Richard Fuller is Member of Parliament for Bedford and Kempston.
The promotion, nurturing and consolidation of democracy amongst the nations of Africa should be seen as a positive imperative of British foreign policy. How energetically we respond as the people of Tunisia, Egypt, the Ivory Coast and others reach for freedom may determine a course of direction for nations across Africa.
Over the past decades, the West has moved from the era of “Wind of Change” , through the use of African dictatorships as proxies in the Cold War, the Band Aid generation that built, a now much critiqued, “aid dependency” view of Africa and now onward to the more hopeful embrace of African democracy and a growing consumer middle class.

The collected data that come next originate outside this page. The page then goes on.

(* Let $\Sigma=\{a\}$, $k=4$, and $\alpha=\big((_1\,\backslash4\,a)_1\,(_2\,\backslash3)_2\,(_3\,\backslash2\,a)_3\,(_4\,\backslash1\,\backslash3)_4\big)^\ast$. Then $L(\alpha)=\{a^{n(n+7)(2n+1)/6} : n\in\mathbb{N}\}$.
   Context: For $k\ge1$, $[k]=\{1,\dots,k\}$, $B_k=\{[_i,\,]_i:i\in[k]\}$ fresh brackets; $g$ fixes letters of $\Sigma$ and erases brackets. $\mathcal{R}_k(\alpha)$: the regular language over $\Sigma\uplus B_k\uplus[k]$ obtained by reading the rewb $\alpha$ as a regular expression with $\backslash i$ as the letter $i$ and $(_i\alpha_0)_i$ as $[_i\mathcal{R}_k(\alpha_0)]_i$. Dereferencing $\mathcal{D}_k$: repeatedly take the leftmost number $i\in[k]$ in the current string; if no $[_i$ lies to its left delete it (unbound references denote $\varepsilon$); else take the nearest $[_i$ to its left; if no $]_i$ lies between them the result is undefined; else replace this $i$ by $g(u)$, $u$ the string strictly between that $[_i$ and the first subsequent $]_i$; when no numbers remain delete all brackets. $L(\alpha)=\{\mathcal{D}_k(v):v\in\mathcal{R}_k(\alpha)\}$. *)

From Stdlib Require Import List Arith.
Import ListNotations.

Set Implicit Arguments.

(* Symbols over Sigma ⊎ B_k ⊎ [k]: letters, open brackets [_i,
   close brackets ]_i, and numbers (references) i. *)
Inductive sym (S : Type) : Type :=
| Let (x : S)
| Open (i : nat)
| Close (i : nat)
| Ref (i : nat).
Arguments Open {S} i.
Arguments Close {S} i.
Arguments Ref {S} i.

Inductive rewb (S : Type) : Type :=
| REmpty
| REps
| RChr (x : S)
| RCat (r1 r2 : rewb S)
| RAlt (r1 r2 : rewb S)
| RStar (r : rewb S)
| RGrp (i : nat) (r : rewb S)
| RBref (i : nat).
Arguments REmpty {S}.
Arguments REps {S}.
Arguments RBref {S} i.

Inductive inR (S : Type) : rewb S -> list (sym S) -> Prop :=
| inR_eps : inR REps []
| inR_chr x : inR (RChr x) [Let x]
| inR_cat r1 r2 w1 w2 : inR r1 w1 -> inR r2 w2 -> inR (RCat r1 r2) (w1 ++ w2)
| inR_altl r1 r2 w : inR r1 w -> inR (RAlt r1 r2) w
| inR_altr r1 r2 w : inR r2 w -> inR (RAlt r1 r2) w
| inR_star0 r : inR (RStar r) []
| inR_starS r w1 w2 : inR r w1 -> inR (RStar r) w2 -> inR (RStar r) (w1 ++ w2)
| inR_grp i r w : inR r w -> inR (RGrp i r) (Open i :: w ++ [Close i])
| inR_bref i : inR (RBref i) [Ref i].

(* g: fixes letters, erases brackets (and numbers; only applied to
   number-free strings). *)
Fixpoint g (S : Type) (w : list (sym S)) : list S :=
  match w with
  | [] => []
  | Let x :: w' => x :: g w'
  | _ :: w' => g w'
  end.

(* Given the already-processed prefix in REVERSED order [acc], find the
   nearest [_i (to the left of the current position) and return the
   (forward) string lying strictly between it and the current position. *)
Fixpoint find_open (S : Type) (i : nat) (acc after : list (sym S))
  : option (list (sym S)) :=
  match acc with
  | [] => None
  | Open j :: acc' =>
      if Nat.eqb j i then Some after else find_open i acc' (Open j :: after)
  | c :: acc' => find_open i acc' (c :: after)
  end.

Fixpoint take_until_close (S : Type) (i : nat) (seg : list (sym S))
  : option (list (sym S)) :=
  match seg with
  | [] => None
  | Close j :: seg' =>
      if Nat.eqb j i then Some []
      else option_map (cons (Close j)) (take_until_close i seg')
  | c :: seg' => option_map (cons c) (take_until_close i seg')
  end.

(* Dereferencing, processing numbers from left to right (i.e. always the
   leftmost remaining number).  [acc] is the processed prefix reversed;
   it never contains numbers.  None = undefined. *)
Fixpoint deref_aux (S : Type) (acc w : list (sym S)) : option (list S) :=
  match w with
  | [] => Some (g (rev acc))
  | Ref i :: w' =>
      match find_open i acc [] with
      | None => deref_aux acc w'      (* unbound reference: delete it *)
      | Some seg =>
          match take_until_close i seg with
          | None => None
          | Some u => deref_aux (rev (map (@Let S) (g u)) ++ acc) w'
          end
      end
  | c :: w' => deref_aux (c :: acc) w'
  end.

Definition deref (S : Type) (w : list (sym S)) : option (list S) :=
  deref_aux [] w.

Definition lang (S : Type) (alpha : rewb S) (w : list S) : Prop :=
  exists v, inR alpha v /\ deref v = Some w.

Definition a : unit := tt.

Definition alpha11 : rewb unit :=
  RStar (RCat (RGrp 1 (RCat (RBref 4) (RChr a)))
        (RCat (RGrp 2 (RBref 3))
        (RCat (RGrp 3 (RCat (RBref 2) (RChr a)))
              (RGrp 4 (RCat (RBref 1) (RBref 3)))))).

(* The body of the star has exactly one word, so R_4(alpha11) consists of
   the powers of that word.  Dereferencing such a power proceeds iteration
   by iteration: after each copy of the body, the most recent groups 1..4
   hold a^x, a^y, a^z, a^w, and the next copy rebinds them to
   a^(w+1), a^z, a^(z+1), a^(z+w+2), since only groups 3 and 4 feed the
   next iteration (the first copy behaves as if z = w = 0, because unbound
   references denote the empty word).  Hence the output is a^N with N the
   total size of the groups produced, a cubic in the number of iterations. *)
From Stdlib Require Import List Arith Lia.
Import ListNotations.

Section StarOfSingleton.
Variable Sigma : Type.

Lemma star_of_singleton (r : rewb Sigma) (p v : list (sym Sigma)) :
  (forall u, inR r u -> u = p) ->
  inR (RStar r) v -> exists n, v = concat (repeat p n).
Proof.
  intros Hr Hv; remember (RStar r) as rs eqn:E.
  induction Hv; try discriminate.
  - now exists 0.
  - injection E as ->.
    destruct IHHv2 as [n ->]; [reflexivity |].
    exists (S n); simpl; now rewrite (Hr _ Hv1).
Qed.

Lemma star_powers (r : rewb Sigma) (p : list (sym Sigma)) (n : nat) :
  inR r p -> inR (RStar r) (concat (repeat p n)).
Proof. intro Hp; induction n; simpl; constructor; assumption. Qed.
End StarOfSingleton.

Section LetterRuns.
Variable Sigma : Type.

Lemma g_app (v1 v2 : list (sym Sigma)) : g (v1 ++ v2) = g v1 ++ g v2.
Proof. induction v1 as [|[] v1 IH]; simpl; rewrite ?IH; reflexivity. Qed.

Lemma g_rev (v : list (sym Sigma)) : g (rev v) = rev (g v).
Proof.
  induction v as [|c v IH]; [reflexivity |].
  simpl; rewrite g_app, IH; destruct c; simpl; rewrite ?app_nil_r; reflexivity.
Qed.

Lemma g_letters (u : list Sigma) : g (map (@Let Sigma) u) = u.
Proof. induction u as [|x u IH]; simpl; congruence. Qed.

Lemma find_open_letters i (u : list Sigma) acc post :
  find_open i (map (@Let Sigma) u ++ acc) post =
  find_open i acc (rev (map (@Let Sigma) u) ++ post).
Proof.
  revert post; induction u as [|x u IH]; intro post; simpl; [reflexivity |].
  now rewrite IH, <- app_assoc.
Qed.

Lemma take_until_close_letters i (u : list Sigma) rest :
  take_until_close i (map (@Let Sigma) u ++ Close i :: rest) = Some (map (@Let Sigma) u).
Proof. induction u as [|x u IH]; simpl; [now rewrite Nat.eqb_refl | now rewrite IH]. Qed.

Lemma deref_aux_letters (u : list Sigma) acc w :
  deref_aux acc (map (@Let Sigma) u ++ w) =
  deref_aux (rev (map (@Let Sigma) u) ++ acc) w.
Proof.
  revert acc; induction u as [|x u IH]; intro acc; simpl; [reflexivity |].
  now rewrite IH, <- app_assoc.
Qed.
End LetterRuns.

Lemma unary_word (u : list unit) : u = repeat a (length u).
Proof. induction u as [|[] u IH]; simpl; [reflexivity | f_equal; exact IH]. Qed.

(* The run a^n as a string of symbols; the lemmas below specialize the
   letter-run facts to it, using that a run is its own reversal. *)
Definition letters (n : nat) : list (sym unit) := map (@Let unit) (repeat a n).

Lemma rev_letters n : rev (letters n) = letters n.
Proof. unfold letters; now rewrite <- map_rev, rev_repeat. Qed.

Lemma g_letters_run n : g (letters n) = repeat a n.
Proof. apply g_letters. Qed.

Lemma letters_S n : letters (S n) = Let a :: letters n.
Proof. reflexivity. Qed.

Lemma letters_add m n : letters (m + n) = letters m ++ letters n.
Proof. unfold letters; now rewrite repeat_app, map_app. Qed.

Lemma letters_snoc n l : letters n ++ Let a :: l = Let a :: letters n ++ l.
Proof. unfold letters; induction n; simpl; congruence. Qed.

Lemma find_open_run i n acc post :
  find_open i (letters n ++ acc) post = find_open i acc (letters n ++ post).
Proof. rewrite <- rev_letters at 2; apply find_open_letters. Qed.

Lemma take_until_close_run i n rest :
  take_until_close i (letters n ++ Close i :: rest) = Some (letters n).
Proof. apply take_until_close_letters. Qed.

(* Substituting a reference to a group holding a^n pushes a^n. *)
Lemma copy_run n : rev (map (@Let unit) (g (letters n))) = letters n.
Proof. now rewrite g_letters_run, <- rev_letters. Qed.

Arguments letters : simpl never.

Definition body11 : rewb unit :=
  RCat (RGrp 1 (RCat (RBref 4) (RChr a)))
  (RCat (RGrp 2 (RBref 3))
  (RCat (RGrp 3 (RCat (RBref 2) (RChr a)))
        (RGrp 4 (RCat (RBref 1) (RBref 3))))).

Definition body_word : list (sym unit) :=
  [Open 1; Ref 4; Let a; Close 1; Open 2; Ref 3; Close 2;
   Open 3; Ref 2; Let a; Close 3; Open 4; Ref 1; Ref 3; Close 4].

Lemma alpha11_star : alpha11 = RStar body11.
Proof. reflexivity. Qed.

Lemma body11_word : inR body11 body_word.
Proof.
  assert (H : exists v, inR body11 v /\ v = body_word)
    by (eexists; split; [repeat econstructor | reflexivity]).
  now destruct H as [v [Hv <-]].
Qed.

(* [body11] has no star or alternative, so inverting its derivation
   determines every piece of the word. *)
Lemma body11_unique v : inR body11 v -> v = body_word.
Proof.
  intro Hv; unfold body11 in Hv.
  repeat match goal with H : inR _ _ |- _ => inversion H; subst; clear H end.
  reflexivity.
Qed.

Lemma R_alpha11 v : inR alpha11 v <-> exists n, v = concat (repeat body_word n).
Proof.
  rewrite alpha11_star; split.
  - apply star_of_singleton, body11_unique.
  - intros [n ->]; apply star_powers, body11_word.
Qed.

(* The reversed accumulator after one iteration that filled groups
   1, 2, 3, 4 with a^x, a^y, a^z, a^w. *)
Definition frame (x y z w : nat) : list (sym unit) :=
  [Close 4] ++ letters w ++ [Open 4; Close 3] ++ letters z ++ [Open 3; Close 2]
  ++ letters y ++ [Open 2; Close 1] ++ letters x ++ [Open 1].

(* One iteration: group 1 copies group 4 and adds a, group 2 copies
   group 3, group 3 copies the new group 2 and adds a, group 4 copies the
   new groups 1 and 3.  The computation is a symbolic run of [deref_aux]. *)
Lemma frame_step x y z w acc rest :
  deref_aux (frame x y z w ++ acc) (body_word ++ rest) =
  deref_aux (frame (S w) z (S z) (S z + S w) ++ frame x y z w ++ acc) rest.
Proof.
  unfold frame, body_word; rewrite letters_add, !letters_S.
  repeat (progress (simpl; repeat rewrite ?find_open_run, ?take_until_close_run,
     ?copy_run, ?letters_snoc, <- ?app_assoc)).
  reflexivity.
Qed.

(* The first iteration has no earlier groups; its unbound references are
   empty, so it produces the groups of the step from z = w = 0. *)
Lemma first_step rest :
  deref_aux [] (body_word ++ rest) = deref_aux (frame 1 0 1 2 ++ []) rest.
Proof. reflexivity. Qed.

(* Number of letters produced by [n] further iterations from a state
   whose last groups 3 and 4 hold a^z and a^w. *)
Fixpoint added (n z w : nat) : nat :=
  match n with
  | 0 => 0
  | S n => S w + z + S z + (S z + S w) + added n (S z) (S z + S w)
  end.

Lemma size_frame x y z w : length (g (frame x y z w)) = x + y + z + w.
Proof.
  unfold frame; rewrite !g_app, !length_app, !g_letters_run, !repeat_length.
  simpl; lia.
Qed.

Lemma deref_powers n : forall x y z w acc,
  deref_aux (frame x y z w ++ acc) (concat (repeat body_word n)) =
  Some (repeat a (length (g (frame x y z w ++ acc)) + added n z w)).
Proof.
  induction n as [|n IH]; intros x y z w acc.
  - cbn [concat repeat deref_aux]; rewrite Nat.add_0_r, (unary_word (g (rev _))), g_rev, length_rev.
    reflexivity.
  - cbn [repeat concat]; rewrite frame_step, IH, !g_app, !length_app, !size_frame.
    cbn [added]; f_equal; f_equal; lia.
Qed.

Lemma deref_alpha11_power n :
  deref (concat (repeat body_word n)) = Some (repeat a (added n 0 0)).
Proof.
  destruct n as [|n]; [reflexivity |].
  unfold deref; cbn [repeat concat]; rewrite first_step, deref_powers, app_nil_r, size_frame.
  reflexivity.
Qed.

Lemma added_closed_form n : forall z w,
  6 * added n z w = 2 * n * n * n + 3 * (2 * z + 5) * n * n + (12 * w + 12 * z + 7) * n.
Proof.
  induction n as [|n IH]; intros z w; [simpl; ring |].
  cbn [added]; rewrite Nat.mul_add_distr_l, IH; ring.
Qed.

Lemma added_from_start n : added n 0 0 = n * (n + 7) * (2 * n + 1) / 6.
Proof.
  apply Nat.div_unique_exact; [discriminate |].
  rewrite added_closed_form; ring.
Qed.

Theorem mainTheorem11 :
  forall w : list unit,
    lang alpha11 w <->
    exists n : nat, w = repeat a (n * (n + 7) * (2 * n + 1) / 6).
Proof.
  intro w; unfold lang; split.
  - intros [v [Hv Hd]].
    apply R_alpha11 in Hv as [n ->].
    rewrite deref_alpha11_power, added_from_start in Hd.
    injection Hd as <-; now exists n.
  - intros [n ->].
    exists (concat (repeat body_word n)); split.
    + apply R_alpha11; now exists n.
    + now rewrite deref_alpha11_power, added_from_start.
Qed.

Challenges no doubt remain, from the continuing needs for aid and development, to the menacing evils of dictators growing daily more conscious that their time may soon be up. However, the opportunities outweigh the challenges and those who love freedom have good cause to reach out and assist.
The key characteristic of the Tunisian revolution was not its apparent spontaneity and the immediacy of Ben-Ali’s exile; it was that it was a home-grown, broad based expression of a people. The revolution was not imposed from outside, it was not partisan and it was not religious. The interim government under Md Ghannouchi is working hard to fill the power vacuum that naturally occurred as a result of this and to prepare the grounds for free elections. No easy task.